Thursday, January 15, 2009

Not able to install softwares giving bosboot verification failure

when i try to install software on aix box it gives me error of bosboot verification failed.

i check and found that /dev/ipldevice was not present. this file is a symlink of /dev/hdisk0 ( boot disk ).

so recreate the file /dev/ipldevice and make a hardlink of /dev/hdisk0

ln /dev/hdisk0 /dev/ipldevice

and then do bosboot -ad /dev/hdisk0

and then i tried to install software it works.

Tuesday, December 16, 2008

Procedure for exchanging a "Hot Swap" mirrored rootvg disk.

In the following example, an RS6000 has 3 disks, 2 of which have the AIX
filesystems mirrored on. The boolist contains both hdisk0 and hdisk1.
There are no other logical volumes in rootvg other than the AIX system
logical volumes. hdisk0 has failed and need replacing, both hdisk0 and hdisk1
are in "Hot Swap" carriers and therefore the machine does not need shutting
down.

lspv

hdisk0 00522d5f22e3b29d rootvg
hdisk1 00522d5f90e66fd2 rootvg
hdisk2 00522df586d454c3 datavg

lsvg -l rootvg

rootvg:
LV NAME TYPE LPs PPs PVs LV STATE MOUNT POINT
hd6 paging 4 8 2 open/syncd N/A
hd5 boot 1 2 2 closed/syncd N/A
hd8 jfslog 1 2 2 open/syncd N/A
hd4 jfs 1 2 2 open/syncd /
hd2 jfs 12 24 2 open/syncd /usr
hd9var jfs 1 2 2 open/syncd /var
hd3 jfs 2 4 2 open/syncd /tmp
hd1 jfs 1 2 2 open/syncd /home



1, Reduce the logical volume copies from both disks to hdisk1 only :-

rmlvcopy hd6 1 hdisk0
rmlvcopy hd5 1 hdisk0
rmlvcopy hd8 1 hdisk0
rmlvcopy hd4 1 hdisk0
rmlvcopy hd2 1 hdisk0
rmlvcopy hd9var 1 hdisk0
rmlvcopy hd3 1 hdisk0
rmlvcopy hd1 1 hdisk0

2, Check that no logical volumes are left on hdisk0 :-

lspv -p hdisk0

hdisk0:
PP RANGE STATE REGION LV ID TYPE MOUNT POINT
1-101 free outer edge
102-201 free outer middle
202-301 free center
302-401 free inner middle
402-501 free inner edge

3, Remove the volume group from hdisk0

reducevg -df rootvg hdisk0

4, Recreate the boot logical volume on hdisk1, and reset bootlist:-

bosboot -a -d /dev/hdisk1
bootlist -m normal rmt0 cd0 hdisk1

5, Check that everything has been removed from hdisk0 :-

lspv

hdisk0 00522d5f22e3b29d None
hdisk1 00522d5f90e66fd2 rootvg
hdisk2 00522df586d454c3 datavg

6, Delete hdisk0 :-

rmdev -l hdisk0 -d

7, Remove the failed hard drive and replace with a new hard drive.

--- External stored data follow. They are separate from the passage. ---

(* Let $f(x,y)=-x^3e^y(x+e^y)$ and consider the constrained system $$\ddot x+\Big(\frac{1}{x+e^y}+\frac3x\Big)\dot x^2=0,\qquad \ddot y+\Big(\frac{e^y}{x+e^y}+1\Big)\dot y^2=0,\qquad f(x,y)\dot x\dot y=E_0\neq0,$$ i.e. the non-null geodesics of the metric $\gamma_{12}=\gamma_{21}=f$, $\gamma_{11}=\gamma_{22}=0$, with $\gamma_{ab}\dot q^a\dot q^b=2E_0$. Then $$I_1=x^6(x+e^y)^2\dot x^2+\frac{E_0}{2}x^4$$ is a first integral of this constrained system. Moreover, along any solution with $I_1=0$ one has $E_0<0$, the orbit is $y=\ln(c_1x^2-2x)$ for a constant $c_1$, and $t=\pm\sqrt{-2/E_0}\,\big(\tfrac{c_1}{4}x^4-\tfrac{x^3}{3}\big)+t_0$ for a constant $t_0$.
   Context: A first integral of the constrained system is a function whose time derivative vanishes along every solution of the three displayed equations. The metric here is defined on the region where $f\neq0$. *)

From Stdlib Require Import Reals.
From Coquelicot Require Import Coquelicot.
Open Scope R_scope.

Definition fmet (x y : R) : R := - x ^ 3 * exp y * (x + exp y).

Definition I1 (E0 x y v : R) : R :=
  x ^ 6 * (x + exp y) ^ 2 * v ^ 2 + E0 / 2 * x ^ 4.

Definition time_interval (D : R -> Prop) : Prop :=
  (exists t, D t) /\
  (forall a b c, D a -> D c -> a <= b <= c -> D b) /\
  (forall t, D t -> exists eps, 0 < eps /\ forall s, Rabs (s - t) < eps -> D s).

Definition is_solution (E0 : R) (D : R -> Prop) (x y : R -> R) : Prop :=
  forall t, D t ->
    ex_derive x t /\ ex_derive (Derive x) t /\
    ex_derive y t /\ ex_derive (Derive y) t /\
    fmet (x t) (y t) <> 0 /\
    Derive (Derive x) t
      + (/ (x t + exp (y t)) + 3 / x t) * (Derive x t) ^ 2 = 0 /\
    Derive (Derive y) t
      + (exp (y t) / (x t + exp (y t)) + 1) * (Derive y t) ^ 2 = 0 /\
    fmet (x t) (y t) * Derive x t * Derive y t = E0.

(** Differentiating [I1] and substituting the geodesic equation for [x'']
    and the constraint for [E0] gives zero identically.  Since
    [I1 = x^4 (J^2 + E0/2)] with [J = x (x + e^y) x'], the level [I1 = 0]
    forces [J^2 = -E0/2 > 0], so [E0 < 0].  Comparing [I1 = 0] with the
    constraint yields [x e^y y' = 2 (x + e^y) x'], which makes
    [(e^y + 2x)/x^2] constant: this is the orbit [e^y = c1 x^2 - 2x].  On it
    [d/dt (c1 x^4/4 - x^3/3) = J], and [J] is constant by the geodesic
    equation, hence equal to [± sqrt (-E0/2)]; integrating gives [t]. *)

From Stdlib Require Import Reals Lra.
From Coquelicot Require Import Coquelicot.
Open Scope R_scope.

Lemma is_derive0_const_on (D : R -> Prop) (F : R -> R) :
  (forall a b c, D a -> D c -> a <= b <= c -> D b) ->
  (forall t, D t -> is_derive F t 0) ->
  forall a b, D a -> D b -> F a = F b.
Proof.
intros HD HF.
assert (Hle : forall a b, D a -> D b -> a <= b -> F a = F b).
{ intros a b Ha Hb Hab.
  assert (Hin : forall z, Rmin a b <= z <= Rmax a b -> D z).
  { intros z Hz. rewrite Rmin_left, Rmax_right in Hz by lra. exact (HD a z b Ha Hb Hz). }
  destruct (MVT_gen F a b (fun _ => 0)) as [c [_ Hc]].
  - intros z Hz. apply HF, Hin. lra.
  - intros z Hz. apply continuity_pt_filterlim.
    apply (ex_derive_continuous (K := R_AbsRing) (V := R_NormedModule)).
    exists 0. exact (HF z (Hin z Hz)).
  - lra. }
intros a b Ha Hb. destruct (Rle_dec a b).
- auto.
- symmetry. apply Hle; auto; lra.
Qed.

Lemma sq_eq_sq_sign (a k : R) :
  a * a = k * k -> exists sgn, (sgn = 1 \/ sgn = -1) /\ a = sgn * k.
Proof.
intros H.
assert (Hf : (a - k) * (a + k) = 0) by lra.
destruct (Rmult_integral _ _ Hf).
- exists 1. split; [left | ]; lra.
- exists (-1). split; [right | ]; lra.
Qed.

Lemma sqrt_inv_mul_sqrt (a : R) : 0 < a -> sqrt (/ a) * sqrt a = 1.
Proof.
intros Ha. rewrite sqrt_inv. apply Rinv_l. apply Rgt_not_eq, sqrt_lt_R0, Ha.
Qed.

Lemma fmet_neq0 (X Y : R) : fmet X Y <> 0 -> X <> 0 /\ X + exp Y <> 0.
Proof.
unfold fmet. intros H. split; intro E; apply H; rewrite E; ring.
Qed.

Lemma I1_factor (E0 X Y V : R) :
  I1 E0 X Y V = X ^ 4 * ((X * (X + exp Y) * V) ^ 2 + E0 / 2).
Proof. unfold I1. ring. Qed.

Lemma I1_on_constraint (X Y V W : R) :
  I1 (fmet X Y * V * W) X Y V
  = X ^ 6 * (X + exp Y) * V * (2 * (X + exp Y) * V - X * exp Y * W) / 2.
Proof. unfold I1, fmet. field. Qed.

Definition J (x y : R -> R) (s : R) : R := x s * (x s + exp (y s)) * Derive x s.

Definition orbit_constant (x y : R -> R) (s : R) : R :=
  (exp (y s) + 2 * x s) / x s ^ 2.

Definition time_offset (E0 c1 sgn : R) (x : R -> R) (s : R) : R :=
  s - sgn * sqrt (- 2 / E0) * (c1 / 4 * x s ^ 4 - x s ^ 3 / 3).

Section ConstrainedGeodesic.

Variables (E0 : R) (D : R -> Prop) (x y : R -> R).
Hypothesis solution : is_solution E0 D x y.

Lemma solution_x_neq0 t : D t -> x t <> 0.
Proof. intros Ht. apply (fmet_neq0 _ (y t)), (solution t Ht). Qed.

Lemma solution_x_exp_y_neq0 t : D t -> x t + exp (y t) <> 0.
Proof. intros Ht. apply (fmet_neq0 (x t)), (solution t Ht). Qed.

Lemma solution_ddx t : D t ->
  Derive (Derive x) t = - (/ (x t + exp (y t)) + 3 / x t) * Derive x t ^ 2.
Proof. intros Ht. destruct (solution t Ht) as (_ & _ & _ & _ & _ & Ex & _). lra. Qed.

Lemma is_derive_I1 t : D t ->
  is_derive (fun s => I1 E0 (x s) (y s) (Derive x s)) t 0.
Proof.
intros Ht. destruct (solution t Ht) as (dx & ddx & dy & _ & _ & _ & _ & Ec).
pose proof (solution_x_neq0 t Ht) as Hx. pose proof (solution_x_exp_y_neq0 t Ht) as Hu.
unfold I1. auto_derive.
- repeat split; auto.
- change (fun s => x s) with x; change (fun s => y s) with y.
  change (fun s => Derive x s) with (Derive x).
  rewrite (solution_ddx t Ht), <- Ec. unfold fmet. field. auto.
Qed.

Hypothesis E0_neq0 : E0 <> 0.

Lemma solution_dx_neq0 t : D t -> Derive x t <> 0.
Proof.
intros Ht E. destruct (solution t Ht) as (_ & _ & _ & _ & _ & _ & _ & Ec).
apply E0_neq0. rewrite <- Ec, E. ring.
Qed.

Lemma J_neq0 t : D t -> J x y t <> 0.
Proof.
intros Ht. unfold J. repeat apply Rmult_integral_contrapositive_currified.
- apply (solution_x_neq0 t Ht).
- apply (solution_x_exp_y_neq0 t Ht).
- apply (solution_dx_neq0 t Ht).
Qed.

Hypothesis I1_level0 : forall t, D t -> I1 E0 (x t) (y t) (Derive x t) = 0.

Lemma J_sq t : D t -> J x y t * J x y t = - E0 / 2.
Proof.
intros Ht. pose proof (I1_level0 t Ht) as H. rewrite I1_factor in H.
apply Rmult_integral in H. destruct H as [H | H].
- exfalso. exact (pow_nonzero _ 4 (solution_x_neq0 t Ht) H).
- unfold J. lra.
Qed.

Lemma E0_neg t : D t -> E0 < 0.
Proof.
intros Ht. pose proof (J_sq t Ht) as Hsq.
assert (Hpos : 0 < J x y t * J x y t).
{ rewrite <- Rsqr_def. apply Rsqr_pos_lt, (J_neq0 t Ht). }
lra.
Qed.

Lemma orbit_relation t : D t ->
  x t * exp (y t) * Derive y t = 2 * (x t + exp (y t)) * Derive x t.
Proof.
intros Ht. destruct (solution t Ht) as (_ & _ & _ & _ & _ & _ & _ & Ec).
pose proof (I1_level0 t Ht) as H.
rewrite <- Ec, I1_on_constraint in H.
assert (Hfac : x t ^ 6 * (x t + exp (y t)) * Derive x t <> 0).
{ replace (x t ^ 6 * (x t + exp (y t)) * Derive x t) with (x t ^ 5 * J x y t)
    by (unfold J; ring).
  apply Rmult_integral_contrapositive_currified.
  - apply pow_nonzero, (solution_x_neq0 t Ht).
  - apply (J_neq0 t Ht). }
assert (Hz : x t ^ 6 * (x t + exp (y t)) * Derive x t
  * (2 * (x t + exp (y t)) * Derive x t - x t * exp (y t) * Derive y t) = 0) by lra.
destruct (Rmult_integral _ _ Hz) as [H0 | H0]; [contradiction | lra].
Qed.

Lemma solution_dy t : D t ->
  Derive y t = 2 * (x t + exp (y t)) * Derive x t / (x t * exp (y t)).
Proof.
intros Ht. rewrite <- (orbit_relation t Ht). field.
split; [apply Rgt_not_eq, exp_pos | apply (solution_x_neq0 t Ht)].
Qed.

Lemma is_derive_orbit_constant t : D t -> is_derive (orbit_constant x y) t 0.
Proof.
intros Ht. destruct (solution t Ht) as (dx & _ & dy & _).
pose proof (solution_x_neq0 t Ht) as Hx.
unfold orbit_constant. auto_derive.
- repeat split; auto.
- change (fun s => x s) with x; change (fun s => y s) with y.
  rewrite (solution_dy t Ht). field. split; auto. apply Rgt_not_eq, exp_pos.
Qed.

Lemma is_derive_J t : D t -> is_derive (J x y) t 0.
Proof.
intros Ht. destruct (solution t Ht) as (dx & ddx & dy & _).
pose proof (solution_x_neq0 t Ht) as Hx. pose proof (solution_x_exp_y_neq0 t Ht) as Hu.
unfold J. auto_derive.
- repeat split; auto.
- change (fun s => x s) with x; change (fun s => y s) with y.
  change (fun s => Derive x s) with (Derive x).
  rewrite (solution_ddx t Ht), (solution_dy t Ht). field.
  repeat split; auto. apply Rgt_not_eq, exp_pos.
Qed.

Lemma is_derive_time_offset c1 sgn t : D t ->
  exp (y t) = c1 * x t ^ 2 - 2 * x t ->
  (sgn = 1 \/ sgn = -1) -> J x y t = sgn * sqrt (- E0 / 2) ->
  is_derive (time_offset E0 c1 sgn x) t 0.
Proof.
intros Ht Horb Hsgn HJ. destruct (solution t Ht) as (dx & _).
assert (Hk : sqrt (- 2 / E0) * sqrt (- E0 / 2) = 1).
{ replace (- 2 / E0) with (/ (- E0 / 2)) by (field; exact E0_neq0).
  apply sqrt_inv_mul_sqrt. pose proof (E0_neg t Ht). lra. }
unfold time_offset. auto_derive; auto.
(* on the orbit, [d/dt (c1 x^4/4 - x^3/3) = (c1 x^2 - x) x x' = J] *)
transitivity (1 - sgn * sqrt (- 2 / E0) * J x y t).
- unfold J. rewrite Horb. change (fun s => x s) with x. field.
- rewrite HJ.
  replace (1 - sgn * sqrt (- 2 / E0) * (sgn * sqrt (- E0 / 2)))
    with (1 - sgn * sgn * (sqrt (- 2 / E0) * sqrt (- E0 / 2))) by ring.
  rewrite Hk. destruct Hsgn; subst; ring.
Qed.

End ConstrainedGeodesic.

Theorem mainTheorem9 (E0 : R) (D : R -> Prop) (x y : R -> R) :
  E0 <> 0 -> time_interval D -> is_solution E0 D x y ->
  (forall t, D t ->
     is_derive (fun s => I1 E0 (x s) (y s) (Derive x s)) t 0) /\
  ((forall t, D t -> I1 E0 (x t) (y t) (Derive x t) = 0) ->
     E0 < 0 /\
     exists c1 : R,
       (forall t, D t ->
          0 < c1 * x t ^ 2 - 2 * x t /\
          y t = ln (c1 * x t ^ 2 - 2 * x t)) /\
       exists (t0 sgn : R), (sgn = 1 \/ sgn = -1) /\
         forall t, D t ->
           t = sgn * sqrt (- 2 / E0) * (c1 / 4 * x t ^ 4 - x t ^ 3 / 3) + t0).
Proof.
intros HE [[ts Hts] [Hconv _]] Hs.
split; [exact (is_derive_I1 E0 D x y Hs) | intros HI].
pose proof (fun F => is_derive0_const_on D F Hconv) as Hconst.
pose proof (E0_neg E0 D x y Hs HE HI ts Hts) as HE0.
split; [exact HE0 |].
set (c1 := orbit_constant x y ts).
assert (Horb : forall t, D t -> exp (y t) = c1 * x t ^ 2 - 2 * x t).
{ intros t Ht.
  unfold c1. rewrite <- (Hconst _ (is_derive_orbit_constant E0 D x y Hs HE HI) t ts Ht Hts).
  unfold orbit_constant. field. exact (solution_x_neq0 E0 D x y Hs t Ht). }
exists c1. split.
{ intros t Ht. rewrite <- Horb by exact Ht. split; [apply exp_pos | now rewrite ln_exp]. }
destruct (sq_eq_sq_sign (J x y ts) (sqrt (- E0 / 2))) as [sgn [Hsgn HJ]].
{ rewrite (J_sq E0 D x y Hs HI ts Hts). symmetry. apply sqrt_sqrt. lra. }
assert (HJt : forall t, D t -> J x y t = sgn * sqrt (- E0 / 2)).
{ intros t Ht. rewrite <- HJ. exact (Hconst _ (is_derive_J E0 D x y Hs HE HI) t ts Ht Hts). }
exists (time_offset E0 c1 sgn x ts), sgn. split; [exact Hsgn |].
intros t Ht.
rewrite <- (Hconst _ (fun s Hs' => is_derive_time_offset E0 D x y Hs HE HI c1 sgn s Hs'
  (Horb s Hs') Hsgn (HJt s Hs')) t ts Ht Hts).
unfold time_offset. ring.
Qed.
(* Let $\mathcal{T}$ be a tangle of order $k$ in a connectivity system $(E,\lambda)$. Let $n\geq 4$, and let $\Phi=(P_1,\ldots,P_n)$ be a $\mathcal{T}$-strong partition of $E$. If $P_i\cup P_{i+1}$ is $k$-separating for each $i\in \{1,\dots,n-1\}$, then $\Phi$ is a $k$-flower in $\mathcal{T}$.
   Context: A connectivity system is a pair $(E,\lambda)$ with $E$ finite and $\lambda$ an integer-valued symmetric ($\lambda(X)=\lambda(E-X)$) submodular function on subsets of $E$. $X$ is $k$-separating if $\lambda(X)\le k$. A tangle of order $k$ is a collection $\mathcal T$ of subsets of $E$ with (T1) $\lambda(A)<k$ for $A\in\mathcal T$; (T2) if $\lambda(A)\le k-1$ then $A\in\mathcal T$ or $E-A\in\mathcal T$; (T3) $A\cup B\cup C\ne E$ for $A,B,C\in\mathcal T$; (T4) $E-\{e\}\notin\mathcal T$ for $e\in E$. A set is $\mathcal T$-weak if contained in a member of $\mathcal T$, and $\mathcal T$-strong otherwise; a partition is $\mathcal T$-strong if all its parts are. A $k$-flower in $\mathcal T$ is a $\mathcal T$-strong partition $(P_1,\dots,P_n)$ of $E$ such that for every $i$, both $P_i$ and $P_i\cup P_{i+1}$ are $k$-separating, subscripts taken modulo $n$. *)

From mathcomp Require Import all_boot all_order all_algebra.
Set Implicit Arguments. Unset Strict Implicit. Unset Printing Implicit Defensive.
Import Order.TTheory GRing.Theory Num.Theory.
Local Open Scope ring_scope.

Definition symmetric_fn (E : finType) (lam : {set E} -> int) : Prop :=
  forall X : {set E}, lam X = lam (~: X).

Definition submodular_fn (E : finType) (lam : {set E} -> int) : Prop :=
  forall X Y : {set E}, lam (X :|: Y) + lam (X :&: Y) <= lam X + lam Y.

Definition connectivity_system (E : finType) (lam : {set E} -> int) : Prop :=
  symmetric_fn lam /\ submodular_fn lam.

Definition k_separating (E : finType) (lam : {set E} -> int) (k : int)
  (X : {set E}) : Prop := lam X <= k.

Definition is_tangle (E : finType) (lam : {set E} -> int) (k : int)
  (T : {set {set E}}) : Prop :=
  [/\ (forall A, A \in T -> lam A < k),
      (forall A, lam A <= k - 1 -> A \in T \/ ~: A \in T),
      (forall A B C, A \in T -> B \in T -> C \in T -> A :|: B :|: C != setT)
    & (forall e : E, ~: [set e] \notin T)].

Definition T_weak (E : finType) (T : {set {set E}}) (X : {set E}) : Prop :=
  exists2 A, A \in T & X \subset A.

Definition T_strong (E : finType) (T : {set {set E}}) (X : {set E}) : Prop :=
  ~ T_weak T X.

Definition is_partition (E : finType) (n : nat) (P : 'I_n -> {set E}) : Prop :=
  (forall i j : 'I_n, i != j -> [disjoint P i & P j]) /\
  \bigcup_(i < n) P i = setT.

Definition T_strong_partition (E : finType) (T : {set {set E}}) (n : nat)
  (P : 'I_n -> {set E}) : Prop :=
  is_partition P /\ forall i, T_strong T (P i).

(* k-flower in T; subscripts mod n via ordS (i.+1 mod n). *)
Definition k_flower (E : finType) (lam : {set E} -> int) (k : int)
  (T : {set {set E}}) (n : nat) (P : 'I_n -> {set E}) : Prop :=
  T_strong_partition T P /\
  forall i : 'I_n, k_separating lam k (P i) /\
                   k_separating lam k (P i :|: P (ordS i)).

From mathcomp Require Import all_boot all_order all_algebra.
From mathcomp Require Import zify.
Import Order.TTheory GRing.Theory Num.Theory.

Set Implicit Arguments.
Unset Strict Implicit.
Unset Printing Implicit Defensive.

Local Open Scope ring_scope.

(* Every union of blocks containing a block and missing another has
   connectivity at least k, since otherwise it or its complement would be in
   the tangle and the block it contains would be weak.  Submodularity then
   propagates k-separation: two k-separating sets whose intersection (or union)
   is of this kind have a k-separating union (resp. intersection).  This makes
   every run P_a u ... u P_b with a < b k-separating, each inner P_j the
   intersection of two consecutive pairs, and the sets P_0, P_(n-1) and
   P_(n-1) u P_0 complements of runs; n >= 4 keeps those runs nontrivial. *)

Section Connectivity.

Variables (E : finType) (lam : {set E} -> int) (k : int).

Lemma submodular_union_le (X Y : {set E}) :
  submodular_fn lam -> lam X <= k -> lam Y <= k -> k <= lam (X :&: Y) ->
  lam (X :|: Y) <= k.
Proof. by move=> /(_ X Y); lia. Qed.

Lemma submodular_inter_le (X Y : {set E}) :
  submodular_fn lam -> lam X <= k -> lam Y <= k -> k <= lam (X :|: Y) ->
  lam (X :&: Y) <= k.
Proof. by move=> /(_ X Y); lia. Qed.

Lemma tangle_separation_lb (T : {set {set E}}) (A B X : {set E}) :
  is_tangle lam k T -> T_strong T A -> T_strong T B ->
  A \subset X -> B \subset ~: X -> k <= lam X.
Proof.
case=> _ tangle_dichotomy _ _ strongA strongB AX BXc.
rewrite leNgt; apply/negP => lt_lam_k.
have [XT | XcT] := tangle_dichotomy X ltac:(lia).
- by apply: strongA; exists X.
- by apply: strongB; exists (~: X).
Qed.

End Connectivity.

Section PartitionBlocks.

Variables (E : finType) (n : nat) (P : 'I_n -> {set E}).

Definition blocks (c : pred nat) : {set E} := \bigcup_(i < n | c i) P i.

Definition segment (a b : nat) : pred nat := fun i => (a <= i <= b)%N.

Lemma eq_blocks (c d : pred nat) :
  (forall i : 'I_n, c i = d i) -> blocks c = blocks d.
Proof. by move=> cd; apply: eq_bigl. Qed.

Hypothesis partP : is_partition P.

Lemma block_of (x : E) : exists j : 'I_n, x \in P j.
Proof.
have : x \in \bigcup_(i < n) P i by rewrite partP.2 inE.
by case/bigcupP => j _ xj; exists j.
Qed.

Lemma mem_block (x : E) (i j : 'I_n) : x \in P j -> (x \in P i) = (i == j).
Proof.
move=> xj; have [-> // | ij] := eqVneq i j.
apply/negbTE/negP => xi; have := partP.1 _ _ ij.
by rewrite disjoint_subset => /subsetP/(_ x xi); rewrite inE xj.
Qed.

Lemma mem_blocks (c : pred nat) (x : E) (j : 'I_n) :
  x \in P j -> (x \in blocks c) = c j.
Proof.
move=> xj; apply/bigcupP/idP => [[i ci xi] | cj]; last by exists j.
by rewrite (mem_block i xj) in xi; rewrite (eqP xi) in ci.
Qed.

Lemma blocks_ext (d : pred nat) (X : {set E}) :
  (forall (x : E) (j : 'I_n), x \in P j -> (x \in X) = d j) ->
  X = blocks d.
Proof.
move=> memX; apply/setP => x; have [j xj] := block_of x.
by rewrite (memX _ _ xj) (mem_blocks _ xj).
Qed.

Lemma blocks1 (i : 'I_n) : P i = blocks (pred1 (i : nat)).
Proof. by apply: blocks_ext => x j xj; rewrite (mem_block i xj) eq_sym. Qed.

Lemma blocksC (c : pred nat) : ~: blocks c = blocks (predC c).
Proof. by apply: blocks_ext => x j xj; rewrite inE (mem_blocks _ xj). Qed.

Lemma blocksU (c d : pred nat) :
  blocks c :|: blocks d = blocks [pred i | c i || d i].
Proof. by apply: blocks_ext => x j xj; rewrite !inE !(mem_blocks _ xj). Qed.

Lemma blocksI (c d : pred nat) :
  blocks c :&: blocks d = blocks [pred i | c i && d i].
Proof. by apply: blocks_ext => x j xj; rewrite !inE !(mem_blocks _ xj). Qed.

End PartitionBlocks.

Section Flower.

Variables (E : finType) (lam : {set E} -> int) (k : int).
Variables (T : {set {set E}}) (n : nat) (P : 'I_n -> {set E}).

Hypothesis lam_conn : connectivity_system lam.
Hypothesis tangleT : is_tangle lam k T.
Hypothesis n_ge4 : (4 <= n)%N.
Hypothesis strongP : T_strong_partition T P.
Hypothesis pair_sep :
  forall i : 'I_n, (i.+1 < n)%N -> k_separating lam k (P i :|: P (ordS i)).

Let partP : is_partition P := strongP.1.

Lemma lam_blocksC (c : pred nat) : lam (blocks P c) = lam (blocks P (predC c)).
Proof. by rewrite lam_conn.1 blocksC. Qed.

Lemma lam_blocks_lb (c : pred nat) (a b : nat) :
  (a < n)%N -> (b < n)%N -> c a -> ~~ c b -> k <= lam (blocks P c).
Proof.
move=> an bn ca ncb.
apply: (tangle_separation_lb tangleT (strongP.2 (Ordinal an))
                             (strongP.2 (Ordinal bn))).
- by apply/subsetP => x xa; rewrite (mem_blocks partP _ xa).
- by apply/subsetP => x xb; rewrite blocksC // (mem_blocks partP _ xb).
Qed.

Lemma pair_blocks_sep (b : nat) :
  (b.+1 < n)%N -> lam (blocks P (segment b b.+1)) <= k.
Proof.
move=> bn; have bn' : (b < n)%N by lia.
suff -> : blocks P (segment b b.+1) = P (Ordinal bn') :|: P (ordS (Ordinal bn')).
  exact: pair_sep.
rewrite !blocks1 // blocksU //; apply: eq_blocks => j /=.
by rewrite /segment modn_small //; lia.
Qed.

Lemma segment_blocks_sep (a b : nat) :
  (a < b)%N -> (b < n)%N -> lam (blocks P (segment a b)) <= k.
Proof.
elim: b => [|b IH] // ab bn.
have [-> | ab'] := eqVneq a b; first exact: pair_blocks_sep bn.
have -> : blocks P (segment a b.+1) =
           blocks P (segment a b) :|: blocks P (segment b b.+1).
  by rewrite blocksU //; apply: eq_blocks => i; rewrite /segment /=; lia.
apply: submodular_union_le lam_conn.2 _ _ _.
- by apply: IH; lia.
- exact: pair_blocks_sep.
- rewrite blocksI //; apply: (lam_blocks_lb (a := b) (b := a));
    rewrite /= /segment; lia.
Qed.

Lemma block_sep (j : 'I_n) : lam (P j) <= k.
Proof.
have jn := ltn_ord j; rewrite blocks1 //.
have [j0 | jpos] := posnP j.
  rewrite lam_blocksC (eq_blocks P (d := segment 1 n.-1)).
    by apply: segment_blocks_sep; lia.
  by move=> i; rewrite /segment /= j0; have := ltn_ord i; lia.
have [jlast | jlt] := eqVneq (j : nat) n.-1.
  rewrite lam_blocksC (eq_blocks P (d := segment 0 n.-2)).
    by apply: segment_blocks_sep; lia.
  by move=> i; rewrite /segment /= jlast; have := ltn_ord i; lia.
have -> : blocks P (pred1 (j : nat)) =
          blocks P (segment j.-1 j) :&: blocks P (segment j j.+1).
  by rewrite blocksI //; apply: eq_blocks => i; rewrite /segment /=; lia.
apply: submodular_inter_le lam_conn.2 _ _ _.
- by apply: segment_blocks_sep; lia.
- by apply: segment_blocks_sep; lia.
- rewrite blocksU //.
  (* as n >= 4, the blocks P_(j-1), P_j, P_(j+1) miss P_0 or P_(n-1) *)
  have [b bn b_out] : exists2 b, (b < n)%N & ~~ (j.-1 <= b <= j.+1)%N.
    by exists (if (2 <= j)%N then 0%N else n.-1); case: ifP; lia.
  by apply: (lam_blocks_lb (a := j) (b := b)); rewrite /segment /=; lia.
Qed.

Lemma wrap_pair_sep (i : 'I_n) :
  i.+1 = n -> lam (P i :|: P (ordS i)) <= k.
Proof.
move=> iS; have -> : P i :|: P (ordS i) = ~: blocks P (segment 1 n.-2).
  rewrite !blocks1 // blocksU // blocksC //; apply: eq_blocks => j /=.
  by rewrite /segment iS modnn; have := ltn_ord j; lia.
by rewrite -lam_conn.1; apply: segment_blocks_sep; lia.
Qed.

End Flower.

Theorem lemma4p2 (E : finType) (lam : {set E} -> int) (k : int)
  (T : {set {set E}}) (n : nat) (P : 'I_n -> {set E}) :
  connectivity_system lam ->
  is_tangle lam k T ->
  (4 <= n)%N ->
  T_strong_partition T P ->
  (forall i : 'I_n, (i.+1 < n)%N -> k_separating lam k (P i :|: P (ordS i))) ->
  k_flower lam k T P.
Proof.
move=> conn tangle n_ge4 strongP pair_sep; split=> // i.
split; first exact: (block_sep conn tangle n_ge4 strongP pair_sep).
have [iS | iS] := ltnP i.+1 n; first exact: pair_sep.
have {iS} iS : i.+1 = n by apply/eqP; rewrite eqn_leq ltn_ord.
exact: (wrap_pair_sep conn tangle n_ge4 strongP pair_sep).
Qed.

8, Configure the new disk drive :-

cfgmgr

9, Check new hard drive is present :-

lspv

10, Include the new hdisk in root volume group :-

extendvg rootvg hdisk? (where hdisk? is the new hard disk)

11, Re-create the mirror :-

mirrorvg rootvg hdisk? (where hdisk? is the new hard disk)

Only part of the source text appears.